Instructions for the task:
From the line below that contains "by rewrite mulrA" to the line that contains "End SchurHull.", repeat every line exactly, both ends included, and nothing else.

*** Opening of Material for this task ***

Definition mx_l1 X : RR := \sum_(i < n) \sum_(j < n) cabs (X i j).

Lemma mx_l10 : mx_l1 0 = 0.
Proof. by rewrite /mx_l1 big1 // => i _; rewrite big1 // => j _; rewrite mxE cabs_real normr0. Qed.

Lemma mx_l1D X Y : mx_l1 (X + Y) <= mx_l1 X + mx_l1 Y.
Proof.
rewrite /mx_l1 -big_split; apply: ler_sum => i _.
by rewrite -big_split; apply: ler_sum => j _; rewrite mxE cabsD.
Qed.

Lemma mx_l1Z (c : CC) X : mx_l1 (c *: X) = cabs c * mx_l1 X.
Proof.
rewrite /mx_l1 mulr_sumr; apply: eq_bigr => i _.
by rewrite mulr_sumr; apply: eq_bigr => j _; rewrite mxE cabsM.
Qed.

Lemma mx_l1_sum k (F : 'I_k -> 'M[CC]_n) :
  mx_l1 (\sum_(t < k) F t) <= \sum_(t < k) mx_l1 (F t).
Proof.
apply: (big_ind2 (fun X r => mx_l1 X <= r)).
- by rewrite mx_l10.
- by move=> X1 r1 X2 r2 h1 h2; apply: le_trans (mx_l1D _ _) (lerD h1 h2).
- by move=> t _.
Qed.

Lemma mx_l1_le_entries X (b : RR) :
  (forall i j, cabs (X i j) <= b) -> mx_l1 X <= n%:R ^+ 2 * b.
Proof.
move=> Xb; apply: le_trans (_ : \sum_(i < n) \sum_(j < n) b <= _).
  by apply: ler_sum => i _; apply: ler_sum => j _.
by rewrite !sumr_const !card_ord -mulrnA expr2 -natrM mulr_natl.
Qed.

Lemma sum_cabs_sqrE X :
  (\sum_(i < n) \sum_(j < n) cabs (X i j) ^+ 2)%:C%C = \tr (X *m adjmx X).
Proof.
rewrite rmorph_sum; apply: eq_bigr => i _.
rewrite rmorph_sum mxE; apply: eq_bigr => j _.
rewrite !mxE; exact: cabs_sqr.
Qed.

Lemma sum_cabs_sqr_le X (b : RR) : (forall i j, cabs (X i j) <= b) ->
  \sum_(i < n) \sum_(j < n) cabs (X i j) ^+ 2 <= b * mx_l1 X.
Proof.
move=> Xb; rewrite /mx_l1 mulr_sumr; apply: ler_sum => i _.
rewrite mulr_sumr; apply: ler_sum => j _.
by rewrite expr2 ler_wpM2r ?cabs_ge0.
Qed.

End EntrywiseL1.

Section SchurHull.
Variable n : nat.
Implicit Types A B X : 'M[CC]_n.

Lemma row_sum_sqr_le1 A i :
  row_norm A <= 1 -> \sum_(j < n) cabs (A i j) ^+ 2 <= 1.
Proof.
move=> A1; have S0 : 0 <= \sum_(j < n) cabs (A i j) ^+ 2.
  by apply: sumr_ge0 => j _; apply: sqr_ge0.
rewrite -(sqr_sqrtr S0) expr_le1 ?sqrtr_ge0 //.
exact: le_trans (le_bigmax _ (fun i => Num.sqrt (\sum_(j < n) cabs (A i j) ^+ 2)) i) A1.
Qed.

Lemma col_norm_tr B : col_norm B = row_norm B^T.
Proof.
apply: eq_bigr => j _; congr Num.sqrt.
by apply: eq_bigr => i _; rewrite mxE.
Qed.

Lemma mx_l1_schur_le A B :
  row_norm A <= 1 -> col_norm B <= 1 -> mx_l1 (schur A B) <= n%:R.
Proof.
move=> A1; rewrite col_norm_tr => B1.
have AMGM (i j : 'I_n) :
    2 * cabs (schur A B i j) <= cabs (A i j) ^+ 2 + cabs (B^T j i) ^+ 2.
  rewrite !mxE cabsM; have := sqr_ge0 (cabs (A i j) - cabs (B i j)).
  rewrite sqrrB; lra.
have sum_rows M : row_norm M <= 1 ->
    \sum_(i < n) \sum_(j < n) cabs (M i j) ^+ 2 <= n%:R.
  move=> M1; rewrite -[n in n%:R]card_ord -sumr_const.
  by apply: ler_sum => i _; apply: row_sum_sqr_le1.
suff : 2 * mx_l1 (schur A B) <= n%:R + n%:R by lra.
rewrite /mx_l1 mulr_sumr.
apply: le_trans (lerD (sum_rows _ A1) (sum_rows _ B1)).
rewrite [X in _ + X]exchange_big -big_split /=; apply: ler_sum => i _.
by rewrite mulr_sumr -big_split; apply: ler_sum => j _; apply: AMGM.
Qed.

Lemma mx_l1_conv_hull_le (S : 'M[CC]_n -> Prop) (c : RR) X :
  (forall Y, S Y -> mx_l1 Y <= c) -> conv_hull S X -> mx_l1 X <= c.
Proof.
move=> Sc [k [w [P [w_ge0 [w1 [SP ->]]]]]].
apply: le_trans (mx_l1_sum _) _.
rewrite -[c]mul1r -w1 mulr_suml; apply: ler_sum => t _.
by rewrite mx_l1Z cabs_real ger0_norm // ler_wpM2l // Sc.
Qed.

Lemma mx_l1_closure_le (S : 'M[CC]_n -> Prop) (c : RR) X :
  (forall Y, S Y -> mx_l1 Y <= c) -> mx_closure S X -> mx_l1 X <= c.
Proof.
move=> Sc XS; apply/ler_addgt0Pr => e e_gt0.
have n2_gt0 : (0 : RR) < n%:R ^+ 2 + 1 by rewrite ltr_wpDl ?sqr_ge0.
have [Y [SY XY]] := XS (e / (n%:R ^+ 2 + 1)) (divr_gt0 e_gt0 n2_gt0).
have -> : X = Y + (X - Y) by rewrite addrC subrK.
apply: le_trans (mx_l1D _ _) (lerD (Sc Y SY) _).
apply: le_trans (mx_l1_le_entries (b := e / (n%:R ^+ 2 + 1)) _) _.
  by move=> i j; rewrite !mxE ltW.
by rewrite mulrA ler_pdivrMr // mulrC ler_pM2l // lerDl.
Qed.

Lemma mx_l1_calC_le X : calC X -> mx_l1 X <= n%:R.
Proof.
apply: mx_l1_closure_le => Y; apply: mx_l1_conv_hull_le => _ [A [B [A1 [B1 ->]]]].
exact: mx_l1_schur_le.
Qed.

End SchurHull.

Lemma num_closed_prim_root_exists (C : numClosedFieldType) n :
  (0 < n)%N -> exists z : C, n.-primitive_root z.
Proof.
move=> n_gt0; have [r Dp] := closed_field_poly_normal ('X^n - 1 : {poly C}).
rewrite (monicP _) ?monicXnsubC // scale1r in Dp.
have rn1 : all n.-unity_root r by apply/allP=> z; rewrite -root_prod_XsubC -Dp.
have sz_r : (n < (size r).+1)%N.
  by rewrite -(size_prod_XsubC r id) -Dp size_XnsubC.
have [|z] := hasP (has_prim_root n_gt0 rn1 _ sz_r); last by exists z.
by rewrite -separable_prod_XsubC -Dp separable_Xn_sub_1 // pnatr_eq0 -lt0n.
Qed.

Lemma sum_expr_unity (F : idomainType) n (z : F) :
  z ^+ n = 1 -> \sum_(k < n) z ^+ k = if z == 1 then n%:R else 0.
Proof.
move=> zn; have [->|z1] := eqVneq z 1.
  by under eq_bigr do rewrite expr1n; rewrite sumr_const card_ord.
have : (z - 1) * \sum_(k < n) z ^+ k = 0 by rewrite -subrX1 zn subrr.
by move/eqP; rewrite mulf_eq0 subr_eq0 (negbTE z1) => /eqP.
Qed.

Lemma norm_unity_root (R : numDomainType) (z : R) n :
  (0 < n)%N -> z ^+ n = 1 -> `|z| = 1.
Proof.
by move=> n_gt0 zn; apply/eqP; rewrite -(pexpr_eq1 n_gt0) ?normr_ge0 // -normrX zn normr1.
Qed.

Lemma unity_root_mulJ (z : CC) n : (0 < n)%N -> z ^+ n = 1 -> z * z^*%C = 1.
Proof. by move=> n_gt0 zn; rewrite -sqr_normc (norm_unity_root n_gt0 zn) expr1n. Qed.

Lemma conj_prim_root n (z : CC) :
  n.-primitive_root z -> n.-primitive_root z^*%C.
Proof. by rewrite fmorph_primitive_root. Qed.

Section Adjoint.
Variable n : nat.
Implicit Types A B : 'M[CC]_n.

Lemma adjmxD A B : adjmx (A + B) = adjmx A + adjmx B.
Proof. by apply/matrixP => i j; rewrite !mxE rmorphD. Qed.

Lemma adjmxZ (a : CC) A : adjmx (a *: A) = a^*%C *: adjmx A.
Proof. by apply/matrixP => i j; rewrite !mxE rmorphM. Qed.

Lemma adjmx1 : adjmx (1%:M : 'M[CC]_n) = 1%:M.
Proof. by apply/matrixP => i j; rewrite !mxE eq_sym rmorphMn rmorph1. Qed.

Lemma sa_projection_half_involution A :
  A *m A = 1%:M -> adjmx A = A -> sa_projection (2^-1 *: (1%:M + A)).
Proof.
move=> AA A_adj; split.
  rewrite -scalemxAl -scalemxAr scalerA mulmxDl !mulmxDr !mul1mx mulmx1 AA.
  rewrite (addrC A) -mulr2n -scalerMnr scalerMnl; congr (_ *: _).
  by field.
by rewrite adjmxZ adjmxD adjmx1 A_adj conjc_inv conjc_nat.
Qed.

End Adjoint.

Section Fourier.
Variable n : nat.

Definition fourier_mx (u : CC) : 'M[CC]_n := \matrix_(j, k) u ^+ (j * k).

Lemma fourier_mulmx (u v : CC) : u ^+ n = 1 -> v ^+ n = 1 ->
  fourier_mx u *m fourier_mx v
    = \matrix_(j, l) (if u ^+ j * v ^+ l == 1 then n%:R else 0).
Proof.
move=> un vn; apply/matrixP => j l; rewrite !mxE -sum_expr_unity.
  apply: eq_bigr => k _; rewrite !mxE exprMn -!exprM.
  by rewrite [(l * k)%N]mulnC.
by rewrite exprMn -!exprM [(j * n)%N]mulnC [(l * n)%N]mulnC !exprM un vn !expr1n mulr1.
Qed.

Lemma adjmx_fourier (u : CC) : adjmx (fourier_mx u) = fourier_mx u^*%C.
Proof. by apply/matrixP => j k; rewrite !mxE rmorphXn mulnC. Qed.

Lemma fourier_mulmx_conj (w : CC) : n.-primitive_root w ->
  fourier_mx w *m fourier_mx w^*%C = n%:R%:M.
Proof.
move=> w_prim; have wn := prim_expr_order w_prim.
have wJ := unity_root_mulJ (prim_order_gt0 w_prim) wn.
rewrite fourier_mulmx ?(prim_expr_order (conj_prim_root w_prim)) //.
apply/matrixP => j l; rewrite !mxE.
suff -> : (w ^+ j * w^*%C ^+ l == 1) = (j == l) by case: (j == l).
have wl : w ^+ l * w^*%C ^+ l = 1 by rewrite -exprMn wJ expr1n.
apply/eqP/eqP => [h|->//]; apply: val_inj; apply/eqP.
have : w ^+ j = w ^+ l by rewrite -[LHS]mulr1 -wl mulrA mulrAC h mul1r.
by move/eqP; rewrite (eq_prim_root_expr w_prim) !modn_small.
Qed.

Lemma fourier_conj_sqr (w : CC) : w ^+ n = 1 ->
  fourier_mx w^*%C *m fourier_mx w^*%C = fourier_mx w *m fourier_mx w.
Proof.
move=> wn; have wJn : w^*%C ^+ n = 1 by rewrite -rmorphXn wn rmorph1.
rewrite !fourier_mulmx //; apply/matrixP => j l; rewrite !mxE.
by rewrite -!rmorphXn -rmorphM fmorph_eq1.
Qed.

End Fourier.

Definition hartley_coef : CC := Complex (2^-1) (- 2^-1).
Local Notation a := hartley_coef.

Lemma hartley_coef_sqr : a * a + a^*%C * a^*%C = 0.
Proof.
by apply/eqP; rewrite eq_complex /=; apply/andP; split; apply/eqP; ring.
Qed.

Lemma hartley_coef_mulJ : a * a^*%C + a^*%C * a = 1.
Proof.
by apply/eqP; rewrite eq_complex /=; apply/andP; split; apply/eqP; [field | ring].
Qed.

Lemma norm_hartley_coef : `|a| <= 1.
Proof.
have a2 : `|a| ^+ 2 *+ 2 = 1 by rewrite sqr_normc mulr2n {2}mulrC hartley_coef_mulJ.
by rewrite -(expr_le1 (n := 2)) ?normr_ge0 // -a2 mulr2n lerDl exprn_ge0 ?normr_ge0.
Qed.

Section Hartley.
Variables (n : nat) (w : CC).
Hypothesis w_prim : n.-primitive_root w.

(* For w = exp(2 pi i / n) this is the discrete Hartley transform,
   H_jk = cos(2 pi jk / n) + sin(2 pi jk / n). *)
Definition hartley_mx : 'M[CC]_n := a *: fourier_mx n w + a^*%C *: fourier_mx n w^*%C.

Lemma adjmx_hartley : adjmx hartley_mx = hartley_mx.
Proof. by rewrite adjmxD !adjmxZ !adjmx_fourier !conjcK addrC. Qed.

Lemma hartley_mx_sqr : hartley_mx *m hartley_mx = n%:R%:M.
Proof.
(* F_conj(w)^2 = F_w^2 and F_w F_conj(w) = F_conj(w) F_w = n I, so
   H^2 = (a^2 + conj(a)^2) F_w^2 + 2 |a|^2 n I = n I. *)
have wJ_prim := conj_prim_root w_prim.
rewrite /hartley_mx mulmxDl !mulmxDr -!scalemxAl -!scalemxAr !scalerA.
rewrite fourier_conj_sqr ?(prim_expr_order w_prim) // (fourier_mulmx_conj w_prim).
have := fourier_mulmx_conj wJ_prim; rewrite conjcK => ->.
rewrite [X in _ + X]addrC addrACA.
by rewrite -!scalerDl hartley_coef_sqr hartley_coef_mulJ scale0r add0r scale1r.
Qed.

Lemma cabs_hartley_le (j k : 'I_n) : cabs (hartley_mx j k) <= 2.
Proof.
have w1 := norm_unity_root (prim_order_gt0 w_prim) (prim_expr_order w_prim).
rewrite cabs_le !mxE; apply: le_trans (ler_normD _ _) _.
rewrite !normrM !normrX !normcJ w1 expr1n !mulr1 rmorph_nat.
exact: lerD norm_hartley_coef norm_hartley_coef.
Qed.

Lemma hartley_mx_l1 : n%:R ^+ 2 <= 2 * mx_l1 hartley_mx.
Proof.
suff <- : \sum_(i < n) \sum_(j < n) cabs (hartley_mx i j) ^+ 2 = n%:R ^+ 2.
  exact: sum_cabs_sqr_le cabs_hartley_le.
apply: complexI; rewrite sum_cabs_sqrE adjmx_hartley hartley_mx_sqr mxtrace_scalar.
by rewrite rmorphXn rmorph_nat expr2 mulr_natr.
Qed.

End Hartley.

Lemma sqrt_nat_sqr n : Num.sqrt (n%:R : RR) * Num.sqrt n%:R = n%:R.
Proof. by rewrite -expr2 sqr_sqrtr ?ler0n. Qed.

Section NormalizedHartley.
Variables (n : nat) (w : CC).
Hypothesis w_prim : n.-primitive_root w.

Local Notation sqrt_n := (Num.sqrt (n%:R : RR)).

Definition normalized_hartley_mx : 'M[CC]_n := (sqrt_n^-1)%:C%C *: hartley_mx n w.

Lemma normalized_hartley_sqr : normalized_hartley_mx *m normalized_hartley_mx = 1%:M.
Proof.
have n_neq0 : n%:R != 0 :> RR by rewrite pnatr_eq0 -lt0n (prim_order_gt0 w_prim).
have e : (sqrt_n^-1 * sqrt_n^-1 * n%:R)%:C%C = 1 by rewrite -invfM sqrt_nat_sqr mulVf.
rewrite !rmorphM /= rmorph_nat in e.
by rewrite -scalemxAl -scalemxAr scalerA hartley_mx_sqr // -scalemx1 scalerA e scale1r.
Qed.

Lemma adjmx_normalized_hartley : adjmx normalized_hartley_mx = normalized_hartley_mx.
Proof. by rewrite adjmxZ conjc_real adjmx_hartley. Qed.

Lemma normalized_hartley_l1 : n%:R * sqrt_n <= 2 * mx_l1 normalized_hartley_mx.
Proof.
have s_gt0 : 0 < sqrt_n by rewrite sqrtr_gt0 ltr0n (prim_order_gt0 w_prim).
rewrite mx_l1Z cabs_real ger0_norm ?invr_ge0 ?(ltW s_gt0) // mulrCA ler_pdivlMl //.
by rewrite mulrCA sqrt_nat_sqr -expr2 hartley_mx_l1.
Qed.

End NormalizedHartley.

*** Close of Material for this task ***

Task result:
by rewrite mulrA ler_pdivrMr // mulrC ler_pM2l // lerDl.
Qed.

Lemma mx_l1_calC_le X : calC X -> mx_l1 X <= n%:R.
Proof.
apply: mx_l1_closure_le => Y; apply: mx_l1_conv_hull_le => _ [A [B [A1 [B1 ->]]]].
exact: mx_l1_schur_le.
Qed.

End SchurHull.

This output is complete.